Stored data:
_ _ _
Lemma separator_lift F' A B S x y Z : separator F' A B S -> y \notin reach F' A S ->
  separator F' A (x |: S) Z -> separator ([set x; y] |: F') A B Z.
Proof.
move=> sS yC /separatorP H3; apply/separatorP => a b aA bB aZ; apply/negP => cab.
case: (boolP (a \in x |: S)) => [axS | naxS].
  by move/negP: (H3 a a aA axS aZ); apply; apply: connect0.
pose K := [set z | connect (adj_avoid F' (Z :|: (x |: S))) a z].
have aS : a \notin S by apply: contra naxS => h; rewrite in_setU1 h orbT.
have Kreach : forall z, z \in K -> z \in reach F' A S.
  move=> z; rewrite inE => c; apply/reachP; exists a; split => //.
  apply: connect_subrel c; apply: adj_avoid_sub => //.
  by apply/subsetP => t tS; rewrite !inE tS !orbT.
have aK : a \in K by rewrite inE connect0.
have bK : b \notin K by apply/negP => /Kreach /(reach_separated sS); rewrite bB.
move/connectP: cab => [p pth blast].
have bl : ~~ (fun t => t \in K) (last a p) by rewrite -blast.
have [z [z' [hzz' zK z'K]]] := path_exit (P := fun t => t \in K) pth aK bl.
have aZxS : a \notin Z :|: (x |: S) by rewrite in_setU negb_or aZ naxS.
have zn : z \notin Z :|: (x |: S) by move: zK; rewrite inE; apply: connect_avoid_notin.
have zy : z != y by apply: contraNneq yC => <-; apply: Kreach.
have zx : z != x by apply: contra zn => /eqP ->; rewrite !inE eqxx !orbT.
move: hzz' => /andP[/andP[hadj zZ] z'Z].
have zF' : adj F' z z'.
  move: hadj; rewrite /adj in_setU1 => /orP[/eqP E|] //.
  have : z \in [set x; y] by rewrite -E set21.
  by rewrite !inE (negbTE zx) (negbTE zy).
have caz : connect (adj_avoid F' Z) a z.
  move: zK; rewrite inE; apply: connect_subrel; apply: adj_avoid_sub => //.
  exact: subsetUl.
case: (boolP (z' \in x |: S)) => z'xS.
  move/negP: (H3 a z' aA z'xS aZ); apply; apply: connect_trans caz (connect1 _).
  by rewrite /adj_avoid zF' zZ z'Z.
move/negP: z'K; apply; rewrite inE; move: zK; rewrite inE => zK.
apply: connect_trans zK (connect1 _).
by rewrite /adj_avoid zF' (negbTE zn) in_setU negb_or z'Z z'xS.
Qed.

Lemma adj_within_sub F F' W W' : F \subset F' -> W \subset W' ->
  subrel (adj_within F W) (adj_within F' W').
Proof.
move=> FF /subsetP WW a b /andP[/andP[h aW] bW].
by rewrite /adj_within (adj_subset FF h) (WW _ aW) (WW _ bW).
Qed.

Lemma connected_within_subset F F' W : F \subset F' ->
  connected_within F W -> connected_within F' W.
Proof.
move=> FF /connected_withinP H; apply/connected_withinP => z z' zW z'W.
by apply: connect_subrel (H z z' zW z'W); apply: adj_within_sub.
Qed.

Lemma linkage_subset F F' A B k Ws : F \subset F' ->
  linkage F A B k Ws -> linkage F' A B k Ws.
Proof.
move=> FF' [c1 c2 c3]; split=> // W /c3[h1 h2 h3]; split=> //.
exact: connected_within_subset h1.
Qed.

Definition rooted_at F A T W t : bool :=
  [&& t \in W, connected_within F W, [exists a in W, a \in A] &
      [forall z in W, (z != t) ==> (z \in reach F A T)]].

Lemma rooted_atP F A T W t : reflect
  [/\ t \in W, connected_within F W, exists2 a, a \in W & a \in A &
      forall z, z \in W -> z != t -> z \in reach F A T]
  (rooted_at F A T W t).
Proof.
apply: (iffP and4P) => [[tW cW /existsP[a /andP[aW aA]] /forallP H] | [tW cW [a aW aA] H]].
  by split=> // [|z zW]; [exists a | exact: implyP (implyP (H z) zW)].
split=> //; first by apply/existsP; exists a; rewrite aW.
by apply/forallP => z; apply/implyP => zW; apply/implyP; apply: H.
Qed.

(* Cut a connected set running from [A] to [T] at its first vertex in [T]. *)
Lemma trim_linked_set F A T W a : connected_within F W -> a \in W -> a \in A ->
  (exists2 t0, t0 \in W & t0 \in T) ->
  exists W' t, [/\ W' \subset W, t \in T & rooted_at F A T W' t].
Proof.
move=> cW aW aA [t0 t0W t0T].
case: (boolP (a \in T)) => aT.
  exists [set a], a; split; rewrite ?sub1set //; apply/rooted_atP; split; rewrite ?set11 //.
  - by apply/connected_withinP => z z' /set1P -> /set1P ->; apply: connect0.
  - by exists a; rewrite ?set11.
  - by move=> z /set1P ->; rewrite eqxx.
pose U := W :\: T.
pose K := [set z | connect (adj_within F U) a z].
have KU z : z \in K -> z \in U by rewrite inE; apply: connect_within_in; rewrite inE aT aW.
have aK : a \in K by rewrite inE connect0.
have t0K : t0 \notin K by apply/negP => /KU; rewrite inE t0T.
move/connected_withinP: cW => /(_ a t0 aW t0W) /connectP[p pth plast].
have bl : ~~ (fun t => t \in K) (last a p) by rewrite -plast.
have [z [z' [/andP[/andP[hadj zW] z'W] zK z'K]]] :=
  path_exit (P := fun t => t \in K) pth aK bl.
have z'T : z' \in T.
  apply: contraR z'K => nz'T /=; rewrite inE; move: (zK); rewrite inE => cz.
  apply: connect_trans cz (connect1 _).
  by rewrite /adj_within hadj (KU z zK) /U inE nz'T z'W.
have KW : K \subset W by apply/subsetP => c /KU; rewrite inE => /andP[].
have lift c1 c2 : [&& adj_within F U c1 c2, connect (adj_within F U) a c1
                    & connect (adj_within F U) a c2] -> adj_within F (z' |: K) c1 c2.
  by case/and3P => /andP[/andP[h _] _] h1 h2; rewrite /adj_within h !in_setU1 !inE h1 h2 !orbT.
have Kfrom c : c \in z' |: K -> connect (adj_within F (z' |: K)) a c.
  rewrite in_setU1 => /orP[/eqP -> | ]; last first.
    by rewrite inE => /connect_in_component; apply: connect_subrel.
  have hz' : adj_within F (z' |: K) z z' by rewrite /adj_within hadj !in_setU1 eqxx zK !orbT.
  move: zK; rewrite inE => /connect_in_component zK.
  exact: connect_trans (connect_subrel lift zK) (connect1 hz').
exists (z' |: K), z'; split; rewrite ?subUset ?sub1set ?z'W //.
apply/rooted_atP; split; first by rewrite setU11.
- apply/connected_withinP => c c' cin c'in; apply: connect_trans (Kfrom c' c'in).
  by rewrite connect_adj_within_sym; apply: Kfrom.
- by exists a; rewrite // in_setU1 aK orbT.
- move=> c; rewrite in_setU1 => /orP[/eqP -> | cK]; first by rewrite eqxx.
  move=> _; apply/reachP; exists a; split => //.
  move: cK; rewrite inE; apply: connect_subrel => c1 c2 /andP[/andP[h h1] h2].
  by move: h1 h2; rewrite /adj_avoid h !inE => /andP[-> _] /andP[-> _].
Qed.

Definition rooted_family F A T (P : V -> {set V}) : Prop :=
  (forall t, t \in T -> rooted_at F A T (P t) t) /\
  (forall t t', t \in T -> t' \in T -> t != t' -> [disjoint P t & P t']).

(* Distinct members get distinct roots, which therefore exhaust [T]. *)
Lemma trim_linkage F A T Ws : linkage F A T #|T| Ws -> exists P, rooted_family F A T P.
Proof.
case: (set_0Vmem T) => [-> | [d _]]; first by exists (fun=> set0); split=> t; rewrite inE.
case=> cWs disj good.
pose ok W (q : {set V} * V) := [&& q.1 \subset W, q.2 \in T & rooted_at F A T q.1 q.2].
have okW W : W \in Ws -> exists q, ok W q.
  move=> WW; have [cW [a [aW aA]] [b [bW bT]]] := good W WW.
  have [W' [t [h1 h2 h3]]] := trim_linked_set cW aW aA (ex_intro2 _ _ b bW bT).
  by exists (W', t); apply/and3P.
pose g W := odflt (W, d) [pick q | ok W q].
have gP W : W \in Ws -> ok W (g W).
  move=> WW; rewrite /g; case: pickP => [q Hq | H] //=.
  by have [q Hq] := okW W WW; rewrite H in Hq.
have g_root W : W \in Ws -> (g W).2 \in W.
  move=> /gP /and3P[sub _ /and4P[rW _ _ _]]; exact: (subsetP sub).
have ginj : {in Ws &, injective (fun W => (g W).2)}.
  move=> W1 W2 W1in W2in /= E; apply/eqP; apply: contraT => ne.
  have := g_root W2 W2in; rewrite -E.
  by move/disjointP: (disj W1 W2 W1in W2in ne) => /(_ _ (g_root W1 W1in)).
pose I := [set (g W).2 | W in Ws].
have IT : I \subset T by apply/subsetP => t /imsetP[W /gP /and3P[_ ? _] ->].
have IE : I = T.
  by apply/eqP; rewrite eqEcard IT card_in_imset // cWs leqnn.
pose Wof t := odflt set0 [pick W in Ws | (g W).2 == t].
have WofP t : t \in T -> Wof t \in Ws /\ (g (Wof t)).2 = t.
  rewrite -IE => /imsetP[W WW Et]; rewrite /Wof.
  case: pickP => [W' /andP[W'in /eqP E] | H] //=.
  by have := H W; rewrite WW Et eqxx.
exists (fun t => (g (Wof t)).1); split.
  by move=> t /WofP[/gP /and3P[_ _ h] Et]; rewrite Et in h.
move=> t t' /WofP[Win Et] /WofP[W'in Et'] ne.
have /and3P[s1 _ _] := gP _ Win; have /and3P[s2 _ _] := gP _ W'in.
apply: disjointW s1 s2 _; apply: disj => //.
by apply: contraNneq ne => E; rewrite -Et -Et' E.
Qed.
_ _ _
Could you reproduce, exactly, every line above from the line with "have okW W : W \in Ws -> exists q, ok W q." to the line with "by move/disjointP: (disj", and no other line? Both ends count.

have okW W : W \in Ws -> exists q, ok W q.
  move=> WW; have [cW [a [aW aA]] [b [bW bT]]] := good W WW.
  have [W' [t [h1 h2 h3]]] := trim_linked_set cW aW aA (ex_intro2 _ _ b bW bT).
  by exists (W', t); apply/and3P.
pose g W := odflt (W, d) [pick q | ok W q].
have gP W : W \in Ws -> ok W (g W).
  move=> WW; rewrite /g; case: pickP => [q Hq | H] //=.
  by have [q Hq] := okW W WW; rewrite H in Hq.
have g_root W : W \in Ws -> (g W).2 \in W.
  move=> /gP /and3P[sub _ /and4P[rW _ _ _]]; exact: (subsetP sub).
have ginj : {in Ws &, injective (fun W => (g W).2)}.
  move=> W1 W2 W1in W2in /= E; apply/eqP; apply: contraT => ne.
  have := g_root W2 W2in; rewrite -E.
  by move/disjointP: (disj W1 W2 W1in W2in ne) => /(_ _ (g_root W1 W1in)).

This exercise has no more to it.